▶ _What is expected_: Go through the data and copy every line in which "false" appears.

▶ _Records to process_:
Lemma ext_domain_open n : is_open (ext_domain n).
Proof.
  intros z [[d [Hd Hosc]] [y [Yy Hzy]]].
  exists (Rmin (d / 2) ((/2)^n - dist z y)). split; [apply Rmin_glb_lt; lra|].
  intros w Hw. pose proof (Rmin_l (d / 2) ((/2)^n - dist z y)).
  pose proof (Rmin_r (d / 2) ((/2)^n - dist z y)). split.
  - exists (d / 2). split; [lra|]. intros y1 y2 Y1 Y2 D1 D2. apply Hosc; auto.
    + pose proof (dist_triangle Z HZ z w y1). lra.
    + pose proof (dist_triangle Z HZ z w y2). lra.
  - exists y; split; auto. pose proof (dist_triangle Z HZ w z y).
    rewrite (dist_sym Z HZ w z) in H1. lra.
Qed.

Lemma ext_domain_of_Y y n : Y y -> ext_domain n y.
Proof.
  intros Yy. split.
  - destruct (Hg y Yy (S n)) as [d [Hd H]]. exists d; split; auto.
    intros y1 y2 Y1 Y2 D1 D2. rewrite <- (H y1 Y1 D1 n), <- (H y2 Y2 D2 n); auto.
  - exists y; split; auto. rewrite dist_refl; auto. apply half_pow_pos.
Qed.

Lemma ext_map_Y y n : Y y -> ext_map y n = g y n.
Proof.
  intros Yy. destruct (ext_domain_of_Y y n Yy) as [H1 _].
  pose proof (epsilon_spec (inhabits 1) _ H1) as Hd.
  destruct (ext_map_spec y n H1) as [_ [y' [Y' [D' E]]]].
  { exists y; split; auto. rewrite dist_refl; auto. apply Hd. }
  rewrite E. apply Hd; auto. rewrite dist_refl; auto. apply Hd.
Qed.

Lemma ext_map_cont z : (forall n, ext_domain n z) -> forall k, exists d, 0 < d /\
  forall w, (forall n, ext_domain n w) -> dist z w < d -> agree k (ext_map z) (ext_map w).
Proof.
  intros Gz k. induction k as [|k [d1 [Hd1 H1]]].
  { exists 1; split; [lra|]. intros; intros m Hm; lia. }
  destruct (Gz k) as [Ek _]. pose proof (epsilon_spec (inhabits 1) _ Ek) as Hdk.
  set (dk := epsilon (inhabits 1) (osc_radius k z)) in *.
  assert (Hdkp : 0 < dk) by apply Hdk.
  assert (Hz : exists y, Y y /\ dist z y < dk).
  { destruct (half_pow_small dk Hdkp) as [j Hj].
    destruct (Gz j) as [_ [y [Yy Dy]]]. exists y; split; auto. lra. }
  destruct (ext_map_spec z k Ek Hz) as [_ [yz [Yz [Dz Ez]]]].
  exists (Rmin d1 (dk / 2)). split; [apply Rmin_glb_lt; lra|].
  intros w Gw Dw. pose proof (Rmin_l d1 (dk / 2)). pose proof (Rmin_r d1 (dk / 2)).
  intros m Hm. destruct (Nat.eq_dec m k) as [->|Hne]; [|apply (H1 w Gw); [lra|lia]].
  destruct (Gw k) as [Ewk _]. pose proof (epsilon_spec (inhabits 1) _ Ewk) as Hdw.
  set (dw := epsilon (inhabits 1) (osc_radius k w)) in *.
  assert (Hdwp : 0 < dw) by apply Hdw.
  (* a point of [Y] close enough to [w] lies in both oscillation balls *)
  destruct (half_pow_small (Rmin dw (dk / 2 - dist z w))) as [j Hj]; [apply Rmin_glb_lt; lra|].
  pose proof (Rmin_l dw (dk / 2 - dist z w)). pose proof (Rmin_r dw (dk / 2 - dist z w)).
  destruct (Gw j) as [_ [y' [Y' D']]].
  destruct (ext_map_spec w k Ewk) as [_ [yw [Yw [Dw' Ew]]]]; [exists y'; split; auto; unfold dw in *; lra|].
  rewrite Ez, Ew. transitivity (g y' k).
  - apply Hdk; auto. pose proof (dist_triangle Z HZ z w y'). lra.
  - apply Hdw; auto. lra.
Qed.

End Extension.

Definition local_piece (Z : space) (m : nat) (Y O H : Z -> Prop) (A : nat -> Z -> Prop) : Prop :=
  is_open O /\ Fsigma H /\ (forall k, Fsigma (A k)) /\ increasing A /\
  forall z, Y z /\ O z <-> O z /\ ~ H z /\ Dfin m A z.

(* A point is handled by the first open set of the cover containing it. *)
Section Glue.
Variable Z : space.
Hypothesis HZ : is_metric Z.
Variable Y : Z -> Prop.
Variable m : nat.
Hypothesis Hm : Nat.odd m = false.
Variable O H : nat -> Z -> Prop.
Variable A : nat -> nat -> Z -> Prop.
Hypothesis Hpiece : forall i, local_piece Z m Y (O i) (H i) (A i).
Hypothesis Hcov : forall z, Y z -> exists i, O i z.

Lemma Fsigma_first_index i : Fsigma (fun z => first_index O z i).
Proof.
  apply FsigmaI; [apply Fsigma_open; auto; apply Hpiece|]. apply Fsigma_closed.
  intros x Hx. apply not_all_ex_not in Hx as [j Hx]. apply imply_to_and in Hx as [Hj Hx].
  apply NNPP in Hx. destruct (proj1 (Hpiece j) x Hx) as [e [He He2]]. exists e; split; auto.
  intros y Hy Hc. apply (Hc j Hj). auto.
Qed.

Definition glued (k : nat) (z : Z) : Prop := exists i, first_index O z i /\ guard (H i) (A i) k z.

Lemma glued_first_index i z k : first_index O z i -> (glued k z <-> guard (H i) (A i) k z).
Proof.
  intros Hi; split.
  - intros [i' [Hi' G]]. rewrite (first_index_unique O z i i'); auto.
  - intros G; exists i; auto.
Qed.

Lemma D_fin_class_glued : D_fin_class Z (m + 2) Y.
Proof.
  exists glued. split; [|split].
  - intros k _. apply Fsigma_bigcup. intros i. apply FsigmaI; [apply Fsigma_first_index|].
    destruct (Hpiece i) as [_ [HH [HA _]]].
    destruct k as [|[|j]]; [exact HH | exact HH | exact (FsigmaU _ _ (HA j) HH)].
  - intros a b z Hab _ [i [Pi Di]]. exists i; split; auto.
    destruct (Hpiece i) as [_ [_ [_ [HAinc _]]]].
    destruct a as [|[|a]]; destruct b as [|[|b]]; simpl in *; try lia; auto.
    destruct Di; [left; apply (HAinc a); auto; lia | auto].
  - intros z. split.
    + intros Yz. destruct (Hcov z Yz) as [i0 Oi0].
      destruct (first_index_exists O z i0 Oi0) as [i Pi].
      rewrite (Dfin_iff _ _ (guard (H i) (A i)) z z (fun k => glued_first_index i z k Pi)).
      apply Dfin_guard; auto. apply Hpiece. destruct Pi; auto.
    + intros HD. pose proof HD as [k [_ [_ [[i [Pi _]] _]]]].
      rewrite (Dfin_iff _ _ (guard (H i) (A i)) z z (fun k => glued_first_index i z k Pi)) in HD.
      apply Dfin_guard in HD; auto. destruct (Hpiece i) as [_ [_ [_ [_ Heq]]]].
      apply (Heq z). destruct Pi; tauto.
Qed.

End Glue.

Lemma D_fin_class_glue (Z : space) (HZ : is_metric Z) (Y : Z -> Prop) m (P : nat -> Z -> Prop) :
  Nat.odd m = false -> (forall z, Y z -> exists i, P i z) ->
  (forall i, exists O H A, local_piece Z m Y O H A /\ forall z, P i z -> O z) ->
  D_fin_class Z (m + 2) Y.
Proof.
  intros Hm Hcov Hloc.
  destruct (choice (fun i (t : (Z -> Prop) * (Z -> Prop) * (nat -> Z -> Prop)) =>
    local_piece Z m Y (fst (fst t)) (snd (fst t)) (snd t) /\ forall z, P i z -> fst (fst t) z))
    as [f Hf].
  { intros i. destruct (Hloc i) as [O [H [A HOHA]]]. exists (O, H, A); exact HOHA. }
  apply (D_fin_class_glued Z HZ Y m Hm (fun i => fst (fst (f i))) (fun i => snd (fst (f i)))
    (fun i => snd (f i))).
  - intros i; apply Hf.
  - intros z Yz. destruct (Hcov z Yz) as [i Hi]. exists i. apply Hf, Hi.
Qed.

Definition basic_clopen (i : nat) (w : nat -> bool) : Prop :=
  agree (snd (of_nat i)) (bits (fst (of_nat i))) w.

Lemma basic_clopen_agree i w v :
  basic_clopen i w -> agree (snd (of_nat i)) w v -> basic_clopen i v.
Proof. apply agree_trans. Qed.

(* Transfer of the local description of [X] along a homeomorphism [h] of [X] that maps
   the basic clopen set [i] into the good cylinder [agree q u], to an embedded copy [e[X]]. *)
Section Transfer.
Variable X : (nat -> bool) -> Prop.
Let CX := cantor_subspace X.
Variable x0 : CX.
Variable m : nat.
Variable Astar : nat -> (nat -> bool) -> Prop.
Variable Fs : nat -> nat -> (nat -> bool) -> Prop.
Hypothesis HFs : forall k r, cclosed (Fs k r).
Hypothesis HAs : forall k w, Astar k w <-> exists r, Fs k r w.
Hypothesis HAinc : increasing Astar.
Variable q : nat.
Variable u : nat -> bool.
Hypothesis Hloc : forall w, adherent X w -> agree q u w -> (X w <-> Dfin m Astar w).
Variable Z : space.
Hypothesis HZ : is_metric Z.
Variable e : CX -> Z.
Hypothesis He : embedding e.
Variables h hinv : CX -> CX.
Hypothesis Hhinv : forall x, hinv (h x) = x.
Hypothesis Hhc : continuous h.
Hypothesis Hhic : continuous hinv.
Variable i : nat.
Hypothesis Hmove : forall x : CX, basic_clopen i (proj1_sig x) -> agree q u (proj1_sig (h x)).

Let Y := fun z : Z => exists x, e x = z.

Definition pull_radius (x : CX) : R :=
  epsilon (inhabits 1) (fun d => 0 < d /\
    forall y, dist (e x) (e y) < d -> dist x y < (/2)^(snd (of_nat i))).

Lemma pull_radius_spec x : 0 < pull_radius x /\
  forall y, dist (e x) (e y) < pull_radius x -> dist x y < (/2)^(snd (of_nat i)).
Proof.
  unfold pull_radius. apply epsilon_spec. destruct He as [_ [_ H3]].
  apply H3, half_pow_pos.
Qed.

Definition near_clopen (z : Z) : Prop :=
  exists x : CX, basic_clopen i (proj1_sig x) /\ dist (e x) z < pull_radius x.

Lemma near_clopen_open : is_open near_clopen.
Proof.
  intros z [x [Cx Dx]]. exists (pull_radius x - dist (e x) z). split; [lra|].
  intros w Hw. exists x; split; auto. pose proof (dist_triangle Z HZ (e x) z w). lra.
Qed.

Lemma near_clopen_image x : basic_clopen i (proj1_sig x) -> near_clopen (e x).
Proof. intros H. exists x; split; auto. rewrite dist_refl; auto. apply pull_radius_spec. Qed.

Lemma near_clopen_basic_clopen x : near_clopen (e x) -> basic_clopen i (proj1_sig x).
Proof.
  intros [x' [C' D']]. apply (proj2 (pull_radius_spec x')) in D'. simpl in D'.
  apply cantor_dist_lt_agree in D'. eapply basic_clopen_agree; eauto.
  eapply agree_le; [|eauto]. lia.
Qed.

Lemma e_inj x y : e x = e y -> x = y.
Proof. destruct He as [_ [H _]]; auto. Qed.

Definition preimage (z : Z) : CX := epsilon (inhabits x0) (fun x => e x = z).

Lemma preimage_e x : preimage (e x) = x.
Proof. apply e_inj. unfold preimage. apply (epsilon_spec (inhabits x0) (fun x' => e x' = e x)). eauto. Qed.

Definition h_image (z : Z) : nat -> bool := proj1_sig (h (preimage z)).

▶ _Response for this exercise_:
Hypothesis Hm : Nat.odd m = false.
  Nat.odd m = false -> (forall z, Y z -> exists i, P i z) ->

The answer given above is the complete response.